● Work item: Of the entries below, restate word for word only the section that runs from the line with "move=> z1 Y1;" to the line with "(* The symmetry", counting both ends.

● Provided material:

(* Let $E\subset U$ be a set with infinitely many points such that $\overline E\cap\partial U=\{a_1,\dots,a_m\}$ is finite ($m\ge0$) and $E$ is contained in the union of finitely many Stolz angles with vertices $a_1,\dots,a_m$ together with a compact subset of $U$. Take $q(z)=(z-a_1)(z-a_2)\cdots(z-a_m)$ (with $q\equiv1$ if $m=0$). Then there exist $\sigma>0$, $C>0$ and $N\in\mathbb{N}$ such that $M_n(E)\le Cn^{-\sigma}$ for all $n\ge N$.
   Context: $U$ is the open unit disc. A Stolz angle with vertex $a\in\partial U$ is a set of the form $\{z\in U: |z-a|\le c(1-|z|)\}$ with a constant $c>1$. For $Z_n=(z_1,\dots,z_n)$: $B(Z_n,z)=\prod_{j=1}^n\frac{z-z_j}{1-\overline{z_j}z}$, $B_q(Z_n,z)=B(Z_n,z)q(z)$ (empty product $=1$), $Z_{j-1}=(z_1,\dots,z_{j-1})$, $V(Z_n)=\prod_{j=1}^n|B_q(Z_{j-1},z_j)|$, $M(Z_n)=\sup_{z\in E}|B_q(Z_n,z)|$, $V_n(E)=\sup_{Z_n\in E^n}V(Z_n)$, $M_n(E)=\inf\{M(Z_n):Z_n\in E^n,V(Z_n)=V_n(E)\}$. *)

From mathcomp Require Import all_boot all_order all_algebra.
From mathcomp Require Import all_classical all_reals all_analysis.
From mathcomp Require Import complex.
Import Order.TTheory GRing.Theory Num.Theory.
Import numFieldNormedType.Exports.

Set Implicit Arguments.
Unset Strict Implicit.
Unset Printing Implicit Defensive.

Local Open Scope ring_scope.
Local Open Scope classical_set_scope.

(* real modulus |z| of a complex number (the library norm `|z| is
   complex-valued with zero imaginary part; we take its real part) *)
Definition cabs (R : rcfType) (z : R[i]) : R := complex.Re `|z|.

Definition unit_disc (R : rcfType) : set R[i] := [set z | cabs z < 1].
Definition unit_circle (R : rcfType) : set R[i] := [set z | cabs z = 1].

(* Stolz angle with vertex a and constant c (only meaningful for c > 1) *)
Definition stolz (R : rcfType) (a : R[i]) (c : R) : set R[i] :=
  [set z | cabs z < 1 /\ cabs (z - a) <= c * (1 - cabs z)].

Definition blaschke (R : rcfType) (Z : seq R[i]) (z : R[i]) : R[i] :=
  \prod_(w <- Z) ((z - w) / (1 - w^* * z)).

Definition qpoly (R : rcfType) (A : seq R[i]) (z : R[i]) : R[i] :=
  \prod_(a <- A) (z - a).

Definition Bq (R : rcfType) (A : seq R[i]) (Z : seq R[i]) (z : R[i]) : R[i] :=
  blaschke Z z * qpoly A z.

Definition Vpts (R : rcfType) (A : seq R[i]) (Z : seq R[i]) : R :=
  \prod_(j < size Z) cabs (Bq A (take j Z) (nth 0 Z j)).

Definition Mpts (R : realType) (A : seq R[i]) (E : set R[i]) (Z : seq R[i]) : R :=
  sup [set cabs (Bq A Z z) | z in E].

Definition tuples_in (R : rcfType) (E : set R[i]) (n : nat) : set (seq R[i]) :=
  [set Z | size Z = n /\ forall z, z \in Z -> E z].

Definition Vn (R : realType) (A : seq R[i]) (E : set R[i]) (n : nat) : R :=
  sup [set Vpts A Z | Z in tuples_in E n].

Definition Mn (R : realType) (A : seq R[i]) (E : set R[i]) (n : nat) : R :=
  inf [set Mpts A E Z | Z in [set Z | tuples_in E n Z /\ Vpts A Z = Vn A E n]].

From Pilot Require Import Defs.
From mathcomp Require Import all_boot all_order all_algebra.
From mathcomp Require Import all_classical all_reals all_analysis.
From mathcomp Require Import complex.
From mathcomp Require Import ring lra.
Import Order.TTheory GRing.Theory Num.Theory.
Import numFieldNormedType.Exports.

Set Implicit Arguments.
Unset Strict Implicit.
Unset Printing Implicit Defensive.

Local Open Scope ring_scope.
Local Open Scope classical_set_scope.

(* Let Z be an n-tuple of points of E at which V attains V_n(E).  V is
   symmetric and V(P ++ x :: W) = V(P ++ W) |B_q(P ++ W, x)|, so exchanging
   x for any z in E shows M(Z) <= |B_q(P ++ W, x)| for every point x of Z.
   It remains to find one x with |B_q(P ++ W, x)| = O(u), where u = n^(-1/4).
   If |x| > 1 - u for some x, then x lies in a Stolz angle at a zero a of q,
   hence |q(x)| = O(|x - a|) = O(1 - |x|) = O(u).  Otherwise Z lies in the
   disc of radius 1 - u, which meets O(u^-2) squares of side u/4; some square
   holds t + 1 >= c n u^2 points of Z, and for x among them each of the t
   Blaschke factors coming from the other points of that square is at most
   1/2, so |B(P ++ W, x)| <= 2^-t = O(1 / (n u^2)) = O(u^2). *)

Lemma sup_ge0 (R : realType) (S : set R) : (forall r, S r -> 0 <= r) -> 0 <= sup S.
Proof.
move=> S0; have [[[r Sr] ubS]|noS] := pselect (has_sup S); last by rewrite sup_out.
exact: le_trans (S0 r Sr) (ub_le_sup ubS Sr).
Qed.

Lemma exists_ub_seq (R : realDomainType) (T : eqType) (f : T -> R) (s : seq T) :
  exists c, 0 <= c /\ {in s, forall x, f x <= c}.
Proof.
exists (\sum_(x <- s) `|f x|); split=> [|x xs]; first exact: sumr_ge0.
rewrite (big_rem x xs) /=; apply: le_trans (ler_norm _) _.
by rewrite lerDl sumr_ge0.
Qed.

Section Modulus.
Variable R : rcfType.
Implicit Types x y z : R[i].

Lemma normC_cabs z : `|z| = (cabs z)%:C%C.
Proof. by rewrite /cabs normc_def. Qed.

Lemma cabs_ge0 z : 0 <= cabs z.
Proof. by rewrite -lecR rmorph0 -normC_cabs. Qed.

Lemma cabs_eq0 z : (cabs z == 0) = (z == 0).
Proof. by rewrite -(inj_eq (@complexI _)) -normC_cabs normr_eq0. Qed.

Lemma cabs_gt0 z : (0 < cabs z) = (z != 0).
Proof. by rewrite lt_def cabs_ge0 cabs_eq0 andbT. Qed.

Lemma cabs1 : cabs (1 : R[i]) = 1.
Proof. by apply: complexI; rewrite -normC_cabs normr1. Qed.

Lemma cabsM x y : cabs (x * y) = cabs x * cabs y.
Proof. by apply: complexI; rewrite rmorphM -!normC_cabs normrM. Qed.

Lemma cabsV x : cabs x^-1 = (cabs x)^-1.
Proof. by apply: complexI; rewrite fmorphV -!normC_cabs normfV. Qed.

Lemma cabsN x : cabs (- x) = cabs x.
Proof. by apply: complexI; rewrite -!normC_cabs normrN. Qed.

Lemma cabsJ z : cabs z^* = cabs z.
Proof. by apply: complexI; rewrite -!normC_cabs norm_conjC. Qed.

Lemma cabs_distrC x y : cabs (x - y) = cabs (y - x).
Proof. by rewrite -cabsN opprB. Qed.

Lemma ler_cabsD x y : cabs (x + y) <= cabs x + cabs y.
Proof. by rewrite -lecR rmorphD -!normC_cabs ler_normD. Qed.

Lemma cabs_prod (s : seq R[i]) (F : R[i] -> R[i]) :
  cabs (\prod_(w <- s) F w) = \prod_(w <- s) cabs (F w).
Proof. exact: (big_morph _ cabsM cabs1). Qed.

Lemma cabs_Re z : `|complex.Re z| <= cabs z.
Proof.
rewrite /cabs normc_def /= -(sqrtr_sqr (complex.Re z)) ler_wsqrtr //.
by rewrite lerDl sqr_ge0.
Qed.

Lemma cabs_Im z : `|complex.Im z| <= cabs z.
Proof.
rewrite /cabs normc_def /= -(sqrtr_sqr (complex.Im z)) ler_wsqrtr //.
by rewrite lerDr sqr_ge0.
Qed.

Lemma cabs_le_ReIm z : cabs z <= `|complex.Re z| + `|complex.Im z|.
Proof.
set s := `|complex.Re z| + `|complex.Im z|.
have s_ge0 : 0 <= s by rewrite addr_ge0.
rewrite /cabs normc_def /= -(ger0_norm s_ge0) -(sqrtr_sqr s) ler_wsqrtr //.
rewrite sqrrD !real_normK ?num_real // lerD2r lerDl.
by rewrite mulrn_wge0 ?mulr_ge0.
Qed.

End Modulus.

Section BlaschkeFactor.
Variable R : rcfType.
Implicit Types (w x z : R[i]) (A Y : seq R[i]).

Definition bfactor w z : R[i] := (z - w) / (1 - w^* * z).

Lemma blaschke_cons w Y z : blaschke (w :: Y) z = bfactor w z * blaschke Y z.
Proof. by rewrite /blaschke big_cons. Qed.

Lemma Bq_cons A w Y z : Bq A (w :: Y) z = bfactor w z * Bq A Y z.
Proof. by rewrite /Bq blaschke_cons mulrA. Qed.

Lemma Bq_perm A Y Y' z : perm_eq Y Y' -> Bq A Y z = Bq A Y' z.
Proof. by move=> pY; rewrite /Bq /blaschke (perm_big _ pY). Qed.

Lemma Bq_rcons A Y w z : Bq A (rcons Y w) z = Bq A Y z * bfactor w z.
Proof. by rewrite (@Bq_perm _ _ (w :: Y)) ?perm_rcons // Bq_cons mulrC. Qed.

Lemma cabs_bfactorC w z : cabs (bfactor w z) = cabs (bfactor z w).
Proof.
rewrite /bfactor !cabsM !cabsV cabs_distrC; congr (_ * _^-1).
by rewrite -cabsJ rmorphB rmorph1 rmorphM /= conjCK mulrC.
Qed.

Lemma cabs_bfactor_den_ge w z : 1 - cabs w * cabs z <= cabs (1 - w^* * z).
Proof.
have := ler_cabsD (1 - w^* * z) (w^* * z).
by rewrite subrK cabs1 cabsM cabsJ; lra.
Qed.

Lemma cabs_bfactor_den_gt0 w z : cabs w < 1 -> cabs z < 1 ->
  0 < cabs (1 - w^* * z).
Proof.
move=> w1 z1; apply: lt_le_trans (cabs_bfactor_den_ge w z).
by rewrite subr_gt0 mulr_ilt1 ?cabs_ge0.
Qed.

Lemma cabs_bfactor_id w z :
  cabs (1 - w^* * z) ^+ 2 - cabs (z - w) ^+ 2
  = (1 - cabs z ^+ 2) * (1 - cabs w ^+ 2).
Proof.
have e : `|1 - w^* * z| ^+ 2 - `|z - w| ^+ 2 = (1 - `|z| ^+ 2) * (1 - `|w| ^+ 2).
  by rewrite !normCK !rmorphB !rmorphM rmorph1 /= conjCK; ring.
rewrite !normC_cabs -!rmorphXn -!rmorphB -rmorphM in e.
exact: complexI e.
Qed.

Lemma cabs_bfactor_le1 w z : cabs w < 1 -> cabs z < 1 -> cabs (bfactor w z) <= 1.
Proof.
move=> w1 z1; have den_gt0 := cabs_bfactor_den_gt0 w1 z1.
rewrite /bfactor cabsM cabsV ler_pdivrMr // mul1r.
have := cabs_bfactor_id w z.
have : 0 <= (1 - cabs z ^+ 2) * (1 - cabs w ^+ 2).
  by rewrite mulr_ge0 // subr_ge0 exprn_ile1 ?cabs_ge0 // ltW.
have := cabs_ge0 (z - w); have := cabs_ge0 (1 - w^* * z); nra.
Qed.

Lemma cabs_bfactor_le w z : cabs w < 1 -> cabs z < 1 ->
  cabs (bfactor w z) <= cabs (z - w) / (1 - cabs w * cabs z).
Proof.
move=> w1 z1; rewrite /bfactor cabsM cabsV ler_wpM2l ?cabs_ge0 //.
rewrite lef_pV2 ?posrE ?cabs_bfactor_den_ge ?cabs_bfactor_den_gt0 //.
by rewrite subr_gt0 mulr_ilt1 ?cabs_ge0.
Qed.

Lemma cabs_blaschke_le_count (p : pred R[i]) Y z :
  cabs z < 1 -> {in Y, forall w, cabs w < 1} ->
  {in Y, forall w, p w -> cabs (bfactor w z) <= 2^-1} ->
  cabs (blaschke Y z) <= 2^-1 ^+ count p Y.
Proof.
move=> z1; elim: Y => [|w Y IH] Y1 Yp; first by rewrite /blaschke big_nil cabs1.
have w1 : cabs w < 1 by apply: Y1; rewrite mem_head.
have {}IH : cabs (blaschke Y z) <= 2^-1 ^+ count p Y.
  by apply: IH => v vY; [apply: Y1|apply: Yp]; rewrite in_cons vY orbT.
rewrite blaschke_cons cabsM /=; case pw: (p w); rewrite ?(add1n, add0n, exprS).
  by rewrite ler_pM ?cabs_ge0 // Yp ?mem_head.
by rewrite -[leRHS]mul1r ler_pM ?cabs_ge0 ?cabs_bfactor_le1.
Qed.

Lemma cabs_blaschke_le1 Y z : cabs z < 1 -> {in Y, forall w, cabs w < 1} ->
  cabs (blaschke Y z) <= 1.
Proof.
move=> z1 Y1.
by have := @cabs_blaschke_le_count pred0 Y z z1 Y1; rewrite count_pred0 expr0; apply.
Qed.

End BlaschkeFactor.

Section QBounds.
Variable R : rcfType.
Implicit Types (a w x z : R[i]) (A Y : seq R[i]).

Definition qbound A : R := \prod_(a <- A) (1 + cabs a).

Lemma qbound_ge1 A : 1 <= qbound A.
Proof.
rewrite /qbound; elim: A => [|a A IH]; first by rewrite big_nil.
by rewrite big_cons mulr_ege1 // lerDl cabs_ge0.
Qed.

Lemma cabs_sub_le z a : cabs z < 1 -> cabs (z - a) <= 1 + cabs a.
Proof. by move=> z1; apply: le_trans (ler_cabsD _ _) _; rewrite cabsN lerD2r ltW. Qed.

Lemma cabs_qpoly_le A z : cabs z < 1 -> cabs (Defs.qpoly A z) <= qbound A.
Proof.
move=> z1; rewrite /Defs.qpoly cabs_prod /qbound.
by apply: ler_prod => a _; rewrite cabs_ge0 cabs_sub_le.
Qed.

Lemma cabs_qpoly_le_dist A a z : a \in A -> cabs z < 1 ->
  cabs (Defs.qpoly A z) <= cabs (z - a) * qbound A.
Proof.
move=> aA z1; rewrite /Defs.qpoly /qbound !(big_rem a aA) /= -/(Defs.qpoly _ z) -/(qbound _).
rewrite cabsM mulrA ler_pM ?cabs_ge0 ?cabs_qpoly_le //.
by rewrite ler_peMr ?cabs_ge0 // lerDl cabs_ge0.
Qed.

Lemma cabs_Bq_le_qpoly A Y z : cabs z < 1 -> {in Y, forall w, cabs w < 1} ->
  cabs (Bq A Y z) <= cabs (Defs.qpoly A z).
Proof.
move=> z1 Y1; rewrite /Bq cabsM -[leRHS]mul1r.
by rewrite ler_wpM2r ?cabs_ge0 ?cabs_blaschke_le1.
Qed.

Lemma Bq_neq0 A Y x : {in A, forall a, cabs a = 1} -> cabs x < 1 ->
  {in Y, forall w, cabs w < 1} -> x \notin Y -> Bq A Y x != 0.
Proof.
move=> A1 x1 Y1 xY; rewrite /Bq mulf_neq0 //.
  rewrite /blaschke prodf_seq_neq0; apply/allP => w wY /=.
  rewrite mulf_neq0 ?invr_neq0 //; first by rewrite subr_eq0; apply: contraNneq xY => ->.
  by rewrite -cabs_gt0 cabs_bfactor_den_gt0 // Y1.
rewrite /Defs.qpoly prodf_seq_neq0; apply/allP => a aA /=.
by rewrite subr_eq0; apply: contraTneq x1 => ->; rewrite A1 ?ltxx.
Qed.

End QBounds.

Section Vfrom.
Variable R : rcfType.
Variable A : seq R[i].
Implicit Types (x y : R[i]) (P W Y Z : seq R[i]).

(* [Vfrom Y W] is the product of the [|B_q|] of each point of [W] against [Y]
   and the points of [W] preceding it, so that [V(Y ++ W) = V(Y) * Vfrom Y W]. *)
Fixpoint Vfrom Y W : R :=
  if W is x :: W' then cabs (Bq A Y x) * Vfrom (rcons Y x) W' else 1.

Lemma Vfrom_ge0 Y W : 0 <= Vfrom Y W.
Proof. by elim: W Y => [|x W IH] Y //=; rewrite mulr_ge0 ?cabs_ge0. Qed.

Lemma Vfrom_prod Y W :
  \prod_(j < size W) cabs (Bq A (Y ++ take j W) (nth 0 W j)) = Vfrom Y W.
Proof.
elim: W Y => [|x W IH] Y /=; first by rewrite big_ord0.
rewrite big_ord_recl /= cats0 -IH; congr (_ * _).
by apply: eq_bigr => j _; rewrite /= cat_rcons.
Qed.

Lemma Vpts_Vfrom Z : Vpts A Z = Vfrom [::] Z.
Proof. by rewrite /Vpts -Vfrom_prod. Qed.

Lemma Vfrom_perm Y Y' W : perm_eq Y Y' -> Vfrom Y W = Vfrom Y' W.
Proof.
elim: W Y Y' => [|x W IH] Y Y' pY //=.
by rewrite (Bq_perm _ _ pY) (IH _ (rcons Y' x)) // -!cats1 perm_cat2r.
Qed.

(* The symmetry [|b_x(y)| = |b_y(x)|] of Blaschke factors makes [V] symmetric. *)
Lemma Vfrom_swap Y x y W : Vfrom Y [:: x, y & W] = Vfrom Y [:: y, x & W].
Proof.
have pY : perm_eq (rcons (rcons Y x) y) (rcons (rcons Y y) x).
  by rewrite -!cats1 -!catA perm_cat2l perm_catC.
rewrite /= !Bq_rcons (cabsM (Bq A Y y)) (cabsM (Bq A Y x)) (cabs_bfactorC x y).
by rewrite (Vfrom_perm W pY); ring.
Qed.

Lemma Vfrom_cons_rcons Y x W : Vfrom Y (x :: W) = Vfrom Y (rcons W x).
Proof.
elim: W Y => [|w W IH] Y //.
by rewrite Vfrom_swap rcons_cons [in RHS]/= -IH.
Qed.

Lemma Vfrom_rcons Y W x : Vfrom Y (rcons W x) = Vfrom Y W * cabs (Bq A (Y ++ W) x).
Proof.
elim: W Y => [|w W IH] Y /=; first by rewrite cats0 mulr1 mul1r.
by rewrite IH cat_rcons mulrA.
Qed.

● Solution to the exercise:
move=> z1 Y1; rewrite /Bq cabsM -[leRHS]mul1r.
by rewrite ler_wpM2r ?cabs_ge0 ?cabs_blaschke_le1.
Qed.

Lemma Bq_neq0 A Y x : {in A, forall a, cabs a = 1} -> cabs x < 1 ->
  {in Y, forall w, cabs w < 1} -> x \notin Y -> Bq A Y x != 0.
Proof.
move=> A1 x1 Y1 xY; rewrite /Bq mulf_neq0 //.
  rewrite /blaschke prodf_seq_neq0; apply/allP => w wY /=.
  rewrite mulf_neq0 ?invr_neq0 //; first by rewrite subr_eq0; apply: contraNneq xY => ->.
  by rewrite -cabs_gt0 cabs_bfactor_den_gt0 // Y1.
rewrite /Defs.qpoly prodf_seq_neq0; apply/allP => a aA /=.
by rewrite subr_eq0; apply: contraTneq x1 => ->; rewrite A1 ?ltxx.
Qed.

End QBounds.

Section Vfrom.
Variable R : rcfType.
Variable A : seq R[i].
Implicit Types (x y : R[i]) (P W Y Z : seq R[i]).

(* [Vfrom Y W] is the product of the [|B_q|] of each point of [W] against [Y]
   and the points of [W] preceding it, so that [V(Y ++ W) = V(Y) * Vfrom Y W]. *)
Fixpoint Vfrom Y W : R :=
  if W is x :: W' then cabs (Bq A Y x) * Vfrom (rcons Y x) W' else 1.

Lemma Vfrom_ge0 Y W : 0 <= Vfrom Y W.
Proof. by elim: W Y => [|x W IH] Y //=; rewrite mulr_ge0 ?cabs_ge0. Qed.

Lemma Vfrom_prod Y W :
  \prod_(j < size W) cabs (Bq A (Y ++ take j W) (nth 0 W j)) = Vfrom Y W.
Proof.
elim: W Y => [|x W IH] Y /=; first by rewrite big_ord0.
rewrite big_ord_recl /= cats0 -IH; congr (_ * _).
by apply: eq_bigr => j _; rewrite /= cat_rcons.
Qed.

Lemma Vpts_Vfrom Z : Vpts A Z = Vfrom [::] Z.
Proof. by rewrite /Vpts -Vfrom_prod. Qed.

Lemma Vfrom_perm Y Y' W : perm_eq Y Y' -> Vfrom Y W = Vfrom Y' W.
Proof.
elim: W Y Y' => [|x W IH] Y Y' pY //=.
by rewrite (Bq_perm _ _ pY) (IH _ (rcons Y' x)) // -!cats1 perm_cat2r.
Qed.

(* The symmetry [|b_x(y)| = |b_y(x)|] of Blaschke factors makes [V] symmetric. *)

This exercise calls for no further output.